WORK INSTRUCTION: Only the lines that hold "destruct" should be in the answer, each copied from the data below.

##### MATERIAL SHOWN #####

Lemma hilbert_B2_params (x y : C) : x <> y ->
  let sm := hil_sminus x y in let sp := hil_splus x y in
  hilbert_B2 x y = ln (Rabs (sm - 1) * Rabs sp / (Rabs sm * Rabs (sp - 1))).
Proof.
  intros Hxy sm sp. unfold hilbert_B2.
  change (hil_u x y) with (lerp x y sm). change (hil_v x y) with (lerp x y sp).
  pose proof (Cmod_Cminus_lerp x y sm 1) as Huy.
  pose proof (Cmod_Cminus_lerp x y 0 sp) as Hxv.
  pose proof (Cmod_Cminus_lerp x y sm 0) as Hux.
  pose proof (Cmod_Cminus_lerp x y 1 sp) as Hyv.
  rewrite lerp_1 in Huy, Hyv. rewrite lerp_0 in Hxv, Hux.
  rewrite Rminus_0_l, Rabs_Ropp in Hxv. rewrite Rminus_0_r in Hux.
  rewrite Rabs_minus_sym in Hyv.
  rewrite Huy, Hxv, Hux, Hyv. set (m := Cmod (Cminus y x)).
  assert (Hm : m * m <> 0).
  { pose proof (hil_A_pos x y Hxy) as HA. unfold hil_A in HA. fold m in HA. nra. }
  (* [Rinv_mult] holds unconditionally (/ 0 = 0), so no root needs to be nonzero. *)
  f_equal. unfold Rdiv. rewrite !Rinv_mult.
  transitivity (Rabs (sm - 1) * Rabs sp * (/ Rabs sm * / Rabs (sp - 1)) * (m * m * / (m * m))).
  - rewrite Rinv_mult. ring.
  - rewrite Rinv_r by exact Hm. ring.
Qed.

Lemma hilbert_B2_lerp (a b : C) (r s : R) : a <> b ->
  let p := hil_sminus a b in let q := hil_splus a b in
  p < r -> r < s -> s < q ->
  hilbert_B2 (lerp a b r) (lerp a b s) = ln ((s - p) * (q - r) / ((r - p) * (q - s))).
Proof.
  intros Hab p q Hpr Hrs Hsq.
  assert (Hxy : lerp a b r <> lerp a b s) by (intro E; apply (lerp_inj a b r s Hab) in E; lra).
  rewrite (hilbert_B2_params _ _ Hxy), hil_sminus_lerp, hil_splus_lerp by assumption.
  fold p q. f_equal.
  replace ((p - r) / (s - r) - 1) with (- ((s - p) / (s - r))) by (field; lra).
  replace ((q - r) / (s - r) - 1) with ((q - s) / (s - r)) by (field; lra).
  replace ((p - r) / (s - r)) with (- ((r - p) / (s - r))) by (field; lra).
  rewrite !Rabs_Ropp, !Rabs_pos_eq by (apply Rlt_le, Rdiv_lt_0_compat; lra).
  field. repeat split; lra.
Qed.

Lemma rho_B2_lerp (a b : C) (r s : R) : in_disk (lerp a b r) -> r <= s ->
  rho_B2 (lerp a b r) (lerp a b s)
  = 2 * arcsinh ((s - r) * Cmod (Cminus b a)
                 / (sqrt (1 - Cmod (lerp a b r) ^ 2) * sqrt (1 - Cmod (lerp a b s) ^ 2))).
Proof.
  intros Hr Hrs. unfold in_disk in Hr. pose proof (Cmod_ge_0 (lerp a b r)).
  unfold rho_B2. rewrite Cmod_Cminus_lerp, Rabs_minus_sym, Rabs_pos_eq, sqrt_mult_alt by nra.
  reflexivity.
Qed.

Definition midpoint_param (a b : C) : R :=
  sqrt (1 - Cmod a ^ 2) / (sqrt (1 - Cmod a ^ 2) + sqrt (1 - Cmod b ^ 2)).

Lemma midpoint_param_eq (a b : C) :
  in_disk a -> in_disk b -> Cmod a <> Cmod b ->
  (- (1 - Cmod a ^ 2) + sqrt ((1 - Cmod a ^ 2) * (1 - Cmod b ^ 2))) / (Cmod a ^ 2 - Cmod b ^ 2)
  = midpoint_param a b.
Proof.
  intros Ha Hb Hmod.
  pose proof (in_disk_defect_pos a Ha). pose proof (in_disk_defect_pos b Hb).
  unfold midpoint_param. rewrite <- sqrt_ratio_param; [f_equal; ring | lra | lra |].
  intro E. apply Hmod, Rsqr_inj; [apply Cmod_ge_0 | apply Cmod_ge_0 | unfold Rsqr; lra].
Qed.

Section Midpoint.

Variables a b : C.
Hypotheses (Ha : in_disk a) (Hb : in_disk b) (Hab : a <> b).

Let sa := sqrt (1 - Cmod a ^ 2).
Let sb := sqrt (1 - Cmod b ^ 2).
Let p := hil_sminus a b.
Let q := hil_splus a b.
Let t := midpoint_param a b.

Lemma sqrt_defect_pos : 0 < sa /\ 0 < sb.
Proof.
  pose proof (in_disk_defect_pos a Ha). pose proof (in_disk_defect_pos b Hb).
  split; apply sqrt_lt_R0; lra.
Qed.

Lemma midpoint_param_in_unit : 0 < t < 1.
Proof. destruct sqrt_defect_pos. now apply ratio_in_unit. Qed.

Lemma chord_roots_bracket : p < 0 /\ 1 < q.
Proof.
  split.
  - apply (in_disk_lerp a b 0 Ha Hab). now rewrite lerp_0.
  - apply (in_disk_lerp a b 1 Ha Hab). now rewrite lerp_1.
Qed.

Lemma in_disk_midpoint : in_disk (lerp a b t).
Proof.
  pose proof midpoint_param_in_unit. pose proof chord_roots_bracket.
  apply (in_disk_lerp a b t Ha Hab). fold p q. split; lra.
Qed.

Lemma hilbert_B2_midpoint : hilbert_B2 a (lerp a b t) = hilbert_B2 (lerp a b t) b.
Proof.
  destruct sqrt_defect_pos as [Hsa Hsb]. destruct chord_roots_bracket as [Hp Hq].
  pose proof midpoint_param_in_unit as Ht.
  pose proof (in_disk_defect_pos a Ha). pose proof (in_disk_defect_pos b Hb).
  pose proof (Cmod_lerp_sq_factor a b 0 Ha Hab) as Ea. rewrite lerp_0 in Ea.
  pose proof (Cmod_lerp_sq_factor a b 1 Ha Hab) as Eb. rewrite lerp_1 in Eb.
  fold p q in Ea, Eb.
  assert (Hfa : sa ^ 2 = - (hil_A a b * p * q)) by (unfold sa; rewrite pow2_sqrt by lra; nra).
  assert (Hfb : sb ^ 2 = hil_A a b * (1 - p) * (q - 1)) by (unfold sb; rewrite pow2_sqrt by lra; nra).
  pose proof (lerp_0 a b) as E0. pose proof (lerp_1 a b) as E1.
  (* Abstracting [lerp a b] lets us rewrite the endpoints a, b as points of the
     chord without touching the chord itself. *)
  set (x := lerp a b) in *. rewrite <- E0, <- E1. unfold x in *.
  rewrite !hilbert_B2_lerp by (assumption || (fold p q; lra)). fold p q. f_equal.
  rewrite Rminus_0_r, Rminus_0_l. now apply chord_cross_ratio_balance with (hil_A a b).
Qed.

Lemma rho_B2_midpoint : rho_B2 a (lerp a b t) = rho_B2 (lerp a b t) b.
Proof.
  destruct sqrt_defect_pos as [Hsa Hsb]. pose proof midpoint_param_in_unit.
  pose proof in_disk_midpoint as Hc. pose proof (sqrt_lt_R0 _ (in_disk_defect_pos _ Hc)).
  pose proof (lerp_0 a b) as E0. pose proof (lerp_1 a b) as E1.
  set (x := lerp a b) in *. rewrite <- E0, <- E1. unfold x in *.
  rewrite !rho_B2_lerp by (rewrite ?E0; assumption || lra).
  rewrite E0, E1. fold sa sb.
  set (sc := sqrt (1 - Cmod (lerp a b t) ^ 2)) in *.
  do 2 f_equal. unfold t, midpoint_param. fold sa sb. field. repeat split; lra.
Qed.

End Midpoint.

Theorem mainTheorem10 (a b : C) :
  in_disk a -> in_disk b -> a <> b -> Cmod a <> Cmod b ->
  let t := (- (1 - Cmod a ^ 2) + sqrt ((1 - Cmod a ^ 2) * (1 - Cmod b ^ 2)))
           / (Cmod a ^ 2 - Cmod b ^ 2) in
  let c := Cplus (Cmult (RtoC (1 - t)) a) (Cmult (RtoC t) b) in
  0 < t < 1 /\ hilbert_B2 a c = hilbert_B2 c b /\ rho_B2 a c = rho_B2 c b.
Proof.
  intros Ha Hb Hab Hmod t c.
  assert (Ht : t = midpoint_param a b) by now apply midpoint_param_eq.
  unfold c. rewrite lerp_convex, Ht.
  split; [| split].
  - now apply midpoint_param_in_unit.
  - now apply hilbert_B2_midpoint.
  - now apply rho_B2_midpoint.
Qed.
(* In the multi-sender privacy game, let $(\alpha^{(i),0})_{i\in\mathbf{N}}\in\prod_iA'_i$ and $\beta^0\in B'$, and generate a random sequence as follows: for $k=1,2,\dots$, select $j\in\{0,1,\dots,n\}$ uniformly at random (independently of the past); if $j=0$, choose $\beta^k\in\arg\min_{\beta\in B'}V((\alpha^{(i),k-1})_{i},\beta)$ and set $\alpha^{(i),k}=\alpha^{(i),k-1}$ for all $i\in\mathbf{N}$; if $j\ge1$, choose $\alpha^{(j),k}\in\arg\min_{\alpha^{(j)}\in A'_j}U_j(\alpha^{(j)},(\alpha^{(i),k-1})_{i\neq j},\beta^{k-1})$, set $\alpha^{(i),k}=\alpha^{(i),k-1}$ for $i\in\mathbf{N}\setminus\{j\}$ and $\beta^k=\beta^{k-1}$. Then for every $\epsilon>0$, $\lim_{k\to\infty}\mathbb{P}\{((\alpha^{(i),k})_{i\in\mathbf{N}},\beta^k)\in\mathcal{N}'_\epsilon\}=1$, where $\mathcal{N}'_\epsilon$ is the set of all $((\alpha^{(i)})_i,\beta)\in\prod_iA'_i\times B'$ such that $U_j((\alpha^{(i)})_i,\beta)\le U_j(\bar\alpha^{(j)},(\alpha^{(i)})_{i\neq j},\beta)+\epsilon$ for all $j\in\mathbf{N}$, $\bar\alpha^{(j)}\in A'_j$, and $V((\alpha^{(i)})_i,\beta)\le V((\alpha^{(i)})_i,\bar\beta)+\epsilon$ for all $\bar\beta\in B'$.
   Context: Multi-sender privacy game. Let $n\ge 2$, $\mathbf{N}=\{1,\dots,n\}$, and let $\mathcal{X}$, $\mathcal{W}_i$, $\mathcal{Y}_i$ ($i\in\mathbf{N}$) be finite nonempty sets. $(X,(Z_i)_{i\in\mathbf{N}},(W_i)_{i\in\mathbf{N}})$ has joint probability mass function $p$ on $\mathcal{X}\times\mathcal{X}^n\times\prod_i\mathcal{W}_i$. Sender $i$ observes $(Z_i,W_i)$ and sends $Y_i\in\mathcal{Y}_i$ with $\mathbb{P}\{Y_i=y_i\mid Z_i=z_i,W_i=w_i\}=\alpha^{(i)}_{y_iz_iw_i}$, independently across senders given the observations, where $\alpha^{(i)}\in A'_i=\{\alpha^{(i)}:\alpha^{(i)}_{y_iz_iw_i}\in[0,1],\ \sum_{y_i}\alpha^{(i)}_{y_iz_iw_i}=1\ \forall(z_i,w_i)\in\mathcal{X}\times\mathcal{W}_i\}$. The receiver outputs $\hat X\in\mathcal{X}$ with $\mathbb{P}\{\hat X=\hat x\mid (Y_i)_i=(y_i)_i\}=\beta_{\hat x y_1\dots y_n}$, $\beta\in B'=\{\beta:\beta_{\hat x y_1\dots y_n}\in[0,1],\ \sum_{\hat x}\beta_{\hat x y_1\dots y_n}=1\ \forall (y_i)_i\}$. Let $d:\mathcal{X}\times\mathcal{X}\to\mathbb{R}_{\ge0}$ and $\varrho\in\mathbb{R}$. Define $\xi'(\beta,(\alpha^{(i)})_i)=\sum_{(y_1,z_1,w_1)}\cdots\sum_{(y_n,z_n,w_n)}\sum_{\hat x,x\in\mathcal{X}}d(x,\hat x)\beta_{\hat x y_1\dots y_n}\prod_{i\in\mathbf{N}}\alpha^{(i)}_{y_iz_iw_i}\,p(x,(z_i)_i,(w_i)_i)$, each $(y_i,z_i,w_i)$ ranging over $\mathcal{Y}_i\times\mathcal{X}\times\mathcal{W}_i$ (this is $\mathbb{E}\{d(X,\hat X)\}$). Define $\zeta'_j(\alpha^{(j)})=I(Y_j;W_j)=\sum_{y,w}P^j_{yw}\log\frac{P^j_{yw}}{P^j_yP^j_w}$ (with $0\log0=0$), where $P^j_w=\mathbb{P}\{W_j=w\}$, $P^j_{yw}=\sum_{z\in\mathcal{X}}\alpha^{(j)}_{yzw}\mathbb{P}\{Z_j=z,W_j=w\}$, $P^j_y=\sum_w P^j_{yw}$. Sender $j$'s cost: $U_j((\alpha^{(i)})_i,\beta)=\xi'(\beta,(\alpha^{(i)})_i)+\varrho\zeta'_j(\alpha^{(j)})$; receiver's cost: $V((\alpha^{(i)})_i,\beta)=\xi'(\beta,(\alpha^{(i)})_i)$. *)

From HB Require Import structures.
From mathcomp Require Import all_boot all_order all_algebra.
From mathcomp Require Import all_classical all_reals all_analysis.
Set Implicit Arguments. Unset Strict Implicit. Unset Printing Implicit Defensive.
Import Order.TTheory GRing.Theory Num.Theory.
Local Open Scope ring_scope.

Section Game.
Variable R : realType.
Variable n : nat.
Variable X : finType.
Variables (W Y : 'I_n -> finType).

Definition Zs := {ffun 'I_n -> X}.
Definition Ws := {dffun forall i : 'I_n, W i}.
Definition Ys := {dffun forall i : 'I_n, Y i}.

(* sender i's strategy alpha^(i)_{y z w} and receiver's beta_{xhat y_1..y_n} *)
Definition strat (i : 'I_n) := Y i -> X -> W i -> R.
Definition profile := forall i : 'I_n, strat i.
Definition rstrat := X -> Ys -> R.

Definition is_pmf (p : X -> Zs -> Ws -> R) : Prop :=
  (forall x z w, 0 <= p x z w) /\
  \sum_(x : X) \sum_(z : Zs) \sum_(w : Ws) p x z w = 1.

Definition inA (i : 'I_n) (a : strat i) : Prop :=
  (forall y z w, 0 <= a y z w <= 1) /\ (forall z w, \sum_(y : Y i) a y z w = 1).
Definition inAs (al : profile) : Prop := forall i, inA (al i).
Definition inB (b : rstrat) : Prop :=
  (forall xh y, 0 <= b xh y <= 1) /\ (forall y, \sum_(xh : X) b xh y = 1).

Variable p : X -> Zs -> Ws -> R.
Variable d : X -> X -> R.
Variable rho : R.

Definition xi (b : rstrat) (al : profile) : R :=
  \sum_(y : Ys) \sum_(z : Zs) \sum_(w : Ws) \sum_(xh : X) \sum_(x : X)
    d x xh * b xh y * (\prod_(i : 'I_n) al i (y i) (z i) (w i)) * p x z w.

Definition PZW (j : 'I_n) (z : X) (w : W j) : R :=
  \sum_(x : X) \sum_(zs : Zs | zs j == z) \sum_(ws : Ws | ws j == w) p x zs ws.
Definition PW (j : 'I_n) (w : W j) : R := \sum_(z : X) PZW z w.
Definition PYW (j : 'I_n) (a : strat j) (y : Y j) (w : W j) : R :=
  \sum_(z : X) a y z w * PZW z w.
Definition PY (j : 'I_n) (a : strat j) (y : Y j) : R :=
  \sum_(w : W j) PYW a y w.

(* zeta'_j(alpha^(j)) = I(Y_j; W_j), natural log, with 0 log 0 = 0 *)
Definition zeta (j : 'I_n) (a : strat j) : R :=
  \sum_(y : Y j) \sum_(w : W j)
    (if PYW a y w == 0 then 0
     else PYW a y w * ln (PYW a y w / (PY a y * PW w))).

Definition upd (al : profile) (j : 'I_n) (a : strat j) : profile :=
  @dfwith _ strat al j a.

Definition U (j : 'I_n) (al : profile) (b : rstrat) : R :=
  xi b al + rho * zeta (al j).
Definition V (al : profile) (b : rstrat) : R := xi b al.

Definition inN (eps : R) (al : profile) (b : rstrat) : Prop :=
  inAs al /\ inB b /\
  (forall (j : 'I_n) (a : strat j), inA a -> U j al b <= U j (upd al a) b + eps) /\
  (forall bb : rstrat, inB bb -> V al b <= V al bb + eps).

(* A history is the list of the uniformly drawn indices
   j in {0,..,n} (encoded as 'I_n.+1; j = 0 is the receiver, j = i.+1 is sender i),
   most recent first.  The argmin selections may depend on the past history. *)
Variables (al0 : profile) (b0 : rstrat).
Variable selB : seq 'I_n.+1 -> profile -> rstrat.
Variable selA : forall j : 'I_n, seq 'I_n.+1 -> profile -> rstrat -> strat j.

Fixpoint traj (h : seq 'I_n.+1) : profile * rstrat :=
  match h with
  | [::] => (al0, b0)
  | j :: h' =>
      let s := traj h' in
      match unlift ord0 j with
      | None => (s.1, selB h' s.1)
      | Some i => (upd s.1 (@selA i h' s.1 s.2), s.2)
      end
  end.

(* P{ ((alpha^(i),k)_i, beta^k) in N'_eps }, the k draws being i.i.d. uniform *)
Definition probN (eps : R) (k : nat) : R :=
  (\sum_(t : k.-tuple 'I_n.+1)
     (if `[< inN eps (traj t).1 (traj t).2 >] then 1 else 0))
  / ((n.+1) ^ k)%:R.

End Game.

#####

EXPECTED OUTPUT:
Proof. destruct sqrt_defect_pos. now apply ratio_in_unit. Qed.
  destruct sqrt_defect_pos as [Hsa Hsb]. destruct chord_roots_bracket as [Hp Hq].
  destruct sqrt_defect_pos as [Hsa Hsb]. pose proof midpoint_param_in_unit.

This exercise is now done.